*** Data ***

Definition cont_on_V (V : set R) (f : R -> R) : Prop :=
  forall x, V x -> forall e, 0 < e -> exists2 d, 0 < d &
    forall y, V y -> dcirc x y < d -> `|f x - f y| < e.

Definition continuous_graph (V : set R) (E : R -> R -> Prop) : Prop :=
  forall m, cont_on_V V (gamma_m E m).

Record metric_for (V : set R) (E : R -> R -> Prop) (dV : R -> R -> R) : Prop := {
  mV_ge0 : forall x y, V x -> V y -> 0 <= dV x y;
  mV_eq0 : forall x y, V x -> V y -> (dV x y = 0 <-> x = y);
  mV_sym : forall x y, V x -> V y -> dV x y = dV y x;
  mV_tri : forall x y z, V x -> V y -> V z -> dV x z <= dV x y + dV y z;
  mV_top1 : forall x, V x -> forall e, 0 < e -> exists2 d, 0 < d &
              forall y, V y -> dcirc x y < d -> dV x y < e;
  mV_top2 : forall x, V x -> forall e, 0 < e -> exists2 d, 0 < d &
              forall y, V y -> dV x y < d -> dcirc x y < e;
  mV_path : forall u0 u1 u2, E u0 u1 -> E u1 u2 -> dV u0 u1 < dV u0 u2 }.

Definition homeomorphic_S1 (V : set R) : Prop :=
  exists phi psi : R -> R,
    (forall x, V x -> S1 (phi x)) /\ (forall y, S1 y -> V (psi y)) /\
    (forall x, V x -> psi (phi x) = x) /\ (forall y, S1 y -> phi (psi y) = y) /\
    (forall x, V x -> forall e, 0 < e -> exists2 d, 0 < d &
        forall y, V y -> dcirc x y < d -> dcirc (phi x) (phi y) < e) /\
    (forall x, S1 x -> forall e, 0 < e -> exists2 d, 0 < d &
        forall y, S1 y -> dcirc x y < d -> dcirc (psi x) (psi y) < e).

*** End of Data ***
*** Data ***

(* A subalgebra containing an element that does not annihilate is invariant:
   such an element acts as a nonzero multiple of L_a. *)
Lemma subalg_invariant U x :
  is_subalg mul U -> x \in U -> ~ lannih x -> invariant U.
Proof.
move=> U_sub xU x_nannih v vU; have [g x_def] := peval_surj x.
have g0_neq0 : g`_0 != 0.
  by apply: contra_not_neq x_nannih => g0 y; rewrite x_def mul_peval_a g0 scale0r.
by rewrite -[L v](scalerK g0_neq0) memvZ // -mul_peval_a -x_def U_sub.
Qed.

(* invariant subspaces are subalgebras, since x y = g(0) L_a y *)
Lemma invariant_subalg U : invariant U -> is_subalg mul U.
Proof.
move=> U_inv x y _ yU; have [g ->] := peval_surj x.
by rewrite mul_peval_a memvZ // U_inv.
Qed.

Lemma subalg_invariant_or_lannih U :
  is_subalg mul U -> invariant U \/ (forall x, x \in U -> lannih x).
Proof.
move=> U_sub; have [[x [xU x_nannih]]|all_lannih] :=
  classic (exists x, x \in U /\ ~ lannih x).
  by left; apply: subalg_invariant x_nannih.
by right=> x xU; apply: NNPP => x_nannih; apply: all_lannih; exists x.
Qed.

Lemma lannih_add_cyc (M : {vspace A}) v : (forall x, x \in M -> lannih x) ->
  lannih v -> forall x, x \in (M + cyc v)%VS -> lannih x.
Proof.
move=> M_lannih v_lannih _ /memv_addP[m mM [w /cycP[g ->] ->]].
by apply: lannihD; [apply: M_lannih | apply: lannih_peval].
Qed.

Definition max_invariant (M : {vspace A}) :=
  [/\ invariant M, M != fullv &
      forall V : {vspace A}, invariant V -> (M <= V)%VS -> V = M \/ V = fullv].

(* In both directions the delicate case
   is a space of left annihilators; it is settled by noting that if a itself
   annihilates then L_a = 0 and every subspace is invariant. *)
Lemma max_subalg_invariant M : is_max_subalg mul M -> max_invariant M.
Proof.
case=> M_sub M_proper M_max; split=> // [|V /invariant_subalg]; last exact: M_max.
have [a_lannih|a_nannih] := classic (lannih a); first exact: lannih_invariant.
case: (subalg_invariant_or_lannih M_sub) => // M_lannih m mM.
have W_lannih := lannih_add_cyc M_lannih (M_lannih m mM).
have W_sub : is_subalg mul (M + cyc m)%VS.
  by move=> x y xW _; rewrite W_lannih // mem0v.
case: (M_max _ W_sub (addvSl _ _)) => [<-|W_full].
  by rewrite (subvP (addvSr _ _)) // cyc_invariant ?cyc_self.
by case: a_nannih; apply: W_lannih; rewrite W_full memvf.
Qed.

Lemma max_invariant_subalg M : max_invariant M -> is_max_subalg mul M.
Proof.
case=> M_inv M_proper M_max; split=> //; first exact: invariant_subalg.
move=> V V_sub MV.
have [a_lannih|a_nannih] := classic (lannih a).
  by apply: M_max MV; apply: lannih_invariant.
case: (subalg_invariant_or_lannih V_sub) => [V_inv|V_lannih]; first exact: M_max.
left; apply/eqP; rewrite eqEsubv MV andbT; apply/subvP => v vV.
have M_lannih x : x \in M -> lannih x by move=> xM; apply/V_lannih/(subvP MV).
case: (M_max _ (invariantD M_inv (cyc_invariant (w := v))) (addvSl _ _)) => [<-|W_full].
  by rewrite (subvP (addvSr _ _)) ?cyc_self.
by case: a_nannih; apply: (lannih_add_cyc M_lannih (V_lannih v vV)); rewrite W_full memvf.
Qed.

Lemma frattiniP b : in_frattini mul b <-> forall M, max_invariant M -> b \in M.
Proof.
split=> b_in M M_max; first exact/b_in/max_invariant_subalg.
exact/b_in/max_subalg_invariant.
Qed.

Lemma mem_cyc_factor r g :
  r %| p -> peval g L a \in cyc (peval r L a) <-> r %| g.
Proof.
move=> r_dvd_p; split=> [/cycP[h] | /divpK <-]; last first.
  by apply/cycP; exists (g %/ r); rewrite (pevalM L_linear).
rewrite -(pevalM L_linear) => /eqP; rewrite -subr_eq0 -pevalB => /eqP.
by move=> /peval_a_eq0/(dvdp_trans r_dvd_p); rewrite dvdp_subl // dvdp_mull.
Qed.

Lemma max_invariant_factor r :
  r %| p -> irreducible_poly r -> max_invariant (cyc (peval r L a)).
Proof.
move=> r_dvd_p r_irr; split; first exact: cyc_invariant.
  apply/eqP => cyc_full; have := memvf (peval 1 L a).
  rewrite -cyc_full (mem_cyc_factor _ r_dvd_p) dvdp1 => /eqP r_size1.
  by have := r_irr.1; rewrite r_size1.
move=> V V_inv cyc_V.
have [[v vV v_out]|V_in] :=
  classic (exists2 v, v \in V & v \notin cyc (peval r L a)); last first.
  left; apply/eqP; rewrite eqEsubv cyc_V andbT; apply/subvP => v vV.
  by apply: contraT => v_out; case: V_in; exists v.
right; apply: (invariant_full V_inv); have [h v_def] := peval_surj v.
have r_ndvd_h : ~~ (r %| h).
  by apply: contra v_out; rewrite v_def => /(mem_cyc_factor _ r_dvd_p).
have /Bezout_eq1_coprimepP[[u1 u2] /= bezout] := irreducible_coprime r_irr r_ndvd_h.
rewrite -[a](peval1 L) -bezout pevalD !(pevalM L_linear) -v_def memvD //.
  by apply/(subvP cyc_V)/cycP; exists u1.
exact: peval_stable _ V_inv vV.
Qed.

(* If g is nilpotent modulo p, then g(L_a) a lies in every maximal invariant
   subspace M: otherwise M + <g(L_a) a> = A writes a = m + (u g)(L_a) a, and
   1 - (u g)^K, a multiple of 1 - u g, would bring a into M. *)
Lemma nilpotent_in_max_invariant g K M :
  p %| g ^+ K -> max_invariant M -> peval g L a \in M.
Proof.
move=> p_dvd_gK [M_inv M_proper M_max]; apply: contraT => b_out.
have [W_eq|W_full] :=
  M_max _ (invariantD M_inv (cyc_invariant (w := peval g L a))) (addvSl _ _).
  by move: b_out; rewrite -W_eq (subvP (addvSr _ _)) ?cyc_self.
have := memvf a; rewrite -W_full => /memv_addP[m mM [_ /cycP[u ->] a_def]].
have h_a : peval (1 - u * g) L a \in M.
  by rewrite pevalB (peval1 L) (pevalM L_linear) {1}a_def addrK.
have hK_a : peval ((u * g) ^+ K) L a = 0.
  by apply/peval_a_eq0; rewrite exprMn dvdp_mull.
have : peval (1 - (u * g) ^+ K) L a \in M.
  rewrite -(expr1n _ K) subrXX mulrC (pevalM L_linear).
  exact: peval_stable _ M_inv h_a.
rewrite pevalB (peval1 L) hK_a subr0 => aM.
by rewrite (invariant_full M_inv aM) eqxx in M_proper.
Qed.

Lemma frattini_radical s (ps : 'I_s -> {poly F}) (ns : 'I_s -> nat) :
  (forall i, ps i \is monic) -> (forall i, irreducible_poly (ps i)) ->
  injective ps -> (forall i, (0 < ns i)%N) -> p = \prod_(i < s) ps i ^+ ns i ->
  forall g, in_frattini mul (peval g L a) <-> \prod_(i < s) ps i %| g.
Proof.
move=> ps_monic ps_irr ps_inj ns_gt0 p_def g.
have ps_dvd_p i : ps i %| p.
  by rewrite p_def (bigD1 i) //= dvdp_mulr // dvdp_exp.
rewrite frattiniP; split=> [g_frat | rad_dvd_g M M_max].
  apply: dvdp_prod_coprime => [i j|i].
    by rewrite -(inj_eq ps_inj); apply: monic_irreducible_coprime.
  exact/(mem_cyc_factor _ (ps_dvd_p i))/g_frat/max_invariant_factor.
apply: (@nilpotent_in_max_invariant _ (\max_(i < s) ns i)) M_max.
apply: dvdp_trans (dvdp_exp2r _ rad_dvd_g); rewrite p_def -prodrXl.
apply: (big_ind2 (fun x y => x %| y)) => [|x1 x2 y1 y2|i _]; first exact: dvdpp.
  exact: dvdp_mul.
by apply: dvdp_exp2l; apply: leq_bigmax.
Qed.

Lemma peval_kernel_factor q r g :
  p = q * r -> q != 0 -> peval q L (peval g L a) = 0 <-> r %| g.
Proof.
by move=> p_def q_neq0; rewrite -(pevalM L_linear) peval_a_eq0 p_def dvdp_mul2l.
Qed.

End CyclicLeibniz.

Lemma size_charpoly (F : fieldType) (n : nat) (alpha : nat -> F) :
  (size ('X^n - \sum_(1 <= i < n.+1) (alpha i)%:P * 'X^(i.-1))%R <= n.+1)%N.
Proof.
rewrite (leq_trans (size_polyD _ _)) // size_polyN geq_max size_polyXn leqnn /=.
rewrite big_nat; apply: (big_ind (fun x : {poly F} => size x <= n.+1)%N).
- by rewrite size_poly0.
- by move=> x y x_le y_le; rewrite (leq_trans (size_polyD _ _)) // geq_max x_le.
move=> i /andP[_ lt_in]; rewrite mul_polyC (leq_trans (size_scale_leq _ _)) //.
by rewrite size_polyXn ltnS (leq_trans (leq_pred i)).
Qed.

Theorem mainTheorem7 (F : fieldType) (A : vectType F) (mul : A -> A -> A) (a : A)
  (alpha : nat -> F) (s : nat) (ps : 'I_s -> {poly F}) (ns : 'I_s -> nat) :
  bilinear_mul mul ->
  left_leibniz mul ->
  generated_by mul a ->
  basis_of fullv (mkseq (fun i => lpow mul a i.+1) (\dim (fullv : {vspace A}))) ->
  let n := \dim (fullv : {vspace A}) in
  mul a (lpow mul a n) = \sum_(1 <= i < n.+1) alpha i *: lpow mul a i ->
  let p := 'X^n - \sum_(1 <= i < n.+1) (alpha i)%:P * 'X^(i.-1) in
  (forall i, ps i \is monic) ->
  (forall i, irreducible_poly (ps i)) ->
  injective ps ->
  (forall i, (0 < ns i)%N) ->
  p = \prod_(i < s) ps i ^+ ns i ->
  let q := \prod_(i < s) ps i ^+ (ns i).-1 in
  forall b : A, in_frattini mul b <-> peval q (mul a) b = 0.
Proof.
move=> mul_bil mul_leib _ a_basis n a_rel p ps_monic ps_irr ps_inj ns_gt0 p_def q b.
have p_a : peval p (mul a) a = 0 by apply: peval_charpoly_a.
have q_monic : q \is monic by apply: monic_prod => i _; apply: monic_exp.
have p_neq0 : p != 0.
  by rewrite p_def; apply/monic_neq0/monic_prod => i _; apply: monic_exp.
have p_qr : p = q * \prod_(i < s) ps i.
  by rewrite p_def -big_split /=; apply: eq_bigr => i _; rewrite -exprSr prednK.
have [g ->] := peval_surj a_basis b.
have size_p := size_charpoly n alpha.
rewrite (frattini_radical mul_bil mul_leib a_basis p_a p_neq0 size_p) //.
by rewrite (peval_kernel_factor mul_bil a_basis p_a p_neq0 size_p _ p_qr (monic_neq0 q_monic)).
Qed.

*** End of Data ***
*** Data ***

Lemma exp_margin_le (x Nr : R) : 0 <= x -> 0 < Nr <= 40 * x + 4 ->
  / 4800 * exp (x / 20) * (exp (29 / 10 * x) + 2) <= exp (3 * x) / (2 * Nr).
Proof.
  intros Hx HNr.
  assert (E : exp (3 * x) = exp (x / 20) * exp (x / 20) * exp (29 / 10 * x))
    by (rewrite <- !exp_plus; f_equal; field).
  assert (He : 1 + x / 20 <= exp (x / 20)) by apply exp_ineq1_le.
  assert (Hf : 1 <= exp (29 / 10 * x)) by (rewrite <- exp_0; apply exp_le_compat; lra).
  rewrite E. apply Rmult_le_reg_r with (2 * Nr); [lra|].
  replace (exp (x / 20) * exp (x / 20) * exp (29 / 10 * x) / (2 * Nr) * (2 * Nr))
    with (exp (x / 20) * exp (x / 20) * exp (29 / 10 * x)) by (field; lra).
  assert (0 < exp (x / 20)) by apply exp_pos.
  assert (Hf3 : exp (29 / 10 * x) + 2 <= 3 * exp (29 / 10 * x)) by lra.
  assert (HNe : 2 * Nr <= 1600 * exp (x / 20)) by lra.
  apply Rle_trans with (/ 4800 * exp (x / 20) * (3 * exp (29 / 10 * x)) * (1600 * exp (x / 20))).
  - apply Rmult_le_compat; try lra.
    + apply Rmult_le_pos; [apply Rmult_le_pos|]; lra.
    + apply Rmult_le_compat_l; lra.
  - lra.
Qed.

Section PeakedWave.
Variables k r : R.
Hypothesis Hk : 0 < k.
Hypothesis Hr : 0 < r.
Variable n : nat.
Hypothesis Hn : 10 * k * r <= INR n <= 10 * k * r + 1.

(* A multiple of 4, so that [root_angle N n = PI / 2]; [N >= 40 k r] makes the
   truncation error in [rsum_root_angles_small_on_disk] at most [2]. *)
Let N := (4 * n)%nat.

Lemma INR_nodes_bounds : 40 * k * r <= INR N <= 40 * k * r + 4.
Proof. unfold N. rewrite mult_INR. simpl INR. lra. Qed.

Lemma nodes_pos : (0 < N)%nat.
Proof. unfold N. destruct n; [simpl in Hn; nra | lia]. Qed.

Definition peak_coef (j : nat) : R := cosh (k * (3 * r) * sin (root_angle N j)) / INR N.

*** End of Data ***

Work order:
Everything above from the line with "Lemma frattini_radical s" to the line with "generated_by mul a ->", both included, must be repeated exactly, and nothing outside that range.

Solution for this problem:
Lemma frattini_radical s (ps : 'I_s -> {poly F}) (ns : 'I_s -> nat) :
  (forall i, ps i \is monic) -> (forall i, irreducible_poly (ps i)) ->
  injective ps -> (forall i, (0 < ns i)%N) -> p = \prod_(i < s) ps i ^+ ns i ->
  forall g, in_frattini mul (peval g L a) <-> \prod_(i < s) ps i %| g.
Proof.
move=> ps_monic ps_irr ps_inj ns_gt0 p_def g.
have ps_dvd_p i : ps i %| p.
  by rewrite p_def (bigD1 i) //= dvdp_mulr // dvdp_exp.
rewrite frattiniP; split=> [g_frat | rad_dvd_g M M_max].
  apply: dvdp_prod_coprime => [i j|i].
    by rewrite -(inj_eq ps_inj); apply: monic_irreducible_coprime.
  exact/(mem_cyc_factor _ (ps_dvd_p i))/g_frat/max_invariant_factor.
apply: (@nilpotent_in_max_invariant _ (\max_(i < s) ns i)) M_max.
apply: dvdp_trans (dvdp_exp2r _ rad_dvd_g); rewrite p_def -prodrXl.
apply: (big_ind2 (fun x y => x %| y)) => [|x1 x2 y1 y2|i _]; first exact: dvdpp.
  exact: dvdp_mul.
by apply: dvdp_exp2l; apply: leq_bigmax.
Qed.

Lemma peval_kernel_factor q r g :
  p = q * r -> q != 0 -> peval q L (peval g L a) = 0 <-> r %| g.
Proof.
by move=> p_def q_neq0; rewrite -(pevalM L_linear) peval_a_eq0 p_def dvdp_mul2l.
Qed.

End CyclicLeibniz.

Lemma size_charpoly (F : fieldType) (n : nat) (alpha : nat -> F) :
  (size ('X^n - \sum_(1 <= i < n.+1) (alpha i)%:P * 'X^(i.-1))%R <= n.+1)%N.
Proof.
rewrite (leq_trans (size_polyD _ _)) // size_polyN geq_max size_polyXn leqnn /=.
rewrite big_nat; apply: (big_ind (fun x : {poly F} => size x <= n.+1)%N).
- by rewrite size_poly0.
- by move=> x y x_le y_le; rewrite (leq_trans (size_polyD _ _)) // geq_max x_le.
move=> i /andP[_ lt_in]; rewrite mul_polyC (leq_trans (size_scale_leq _ _)) //.
by rewrite size_polyXn ltnS (leq_trans (leq_pred i)).
Qed.

Theorem mainTheorem7 (F : fieldType) (A : vectType F) (mul : A -> A -> A) (a : A)
  (alpha : nat -> F) (s : nat) (ps : 'I_s -> {poly F}) (ns : 'I_s -> nat) :
  bilinear_mul mul ->
  left_leibniz mul ->
  generated_by mul a ->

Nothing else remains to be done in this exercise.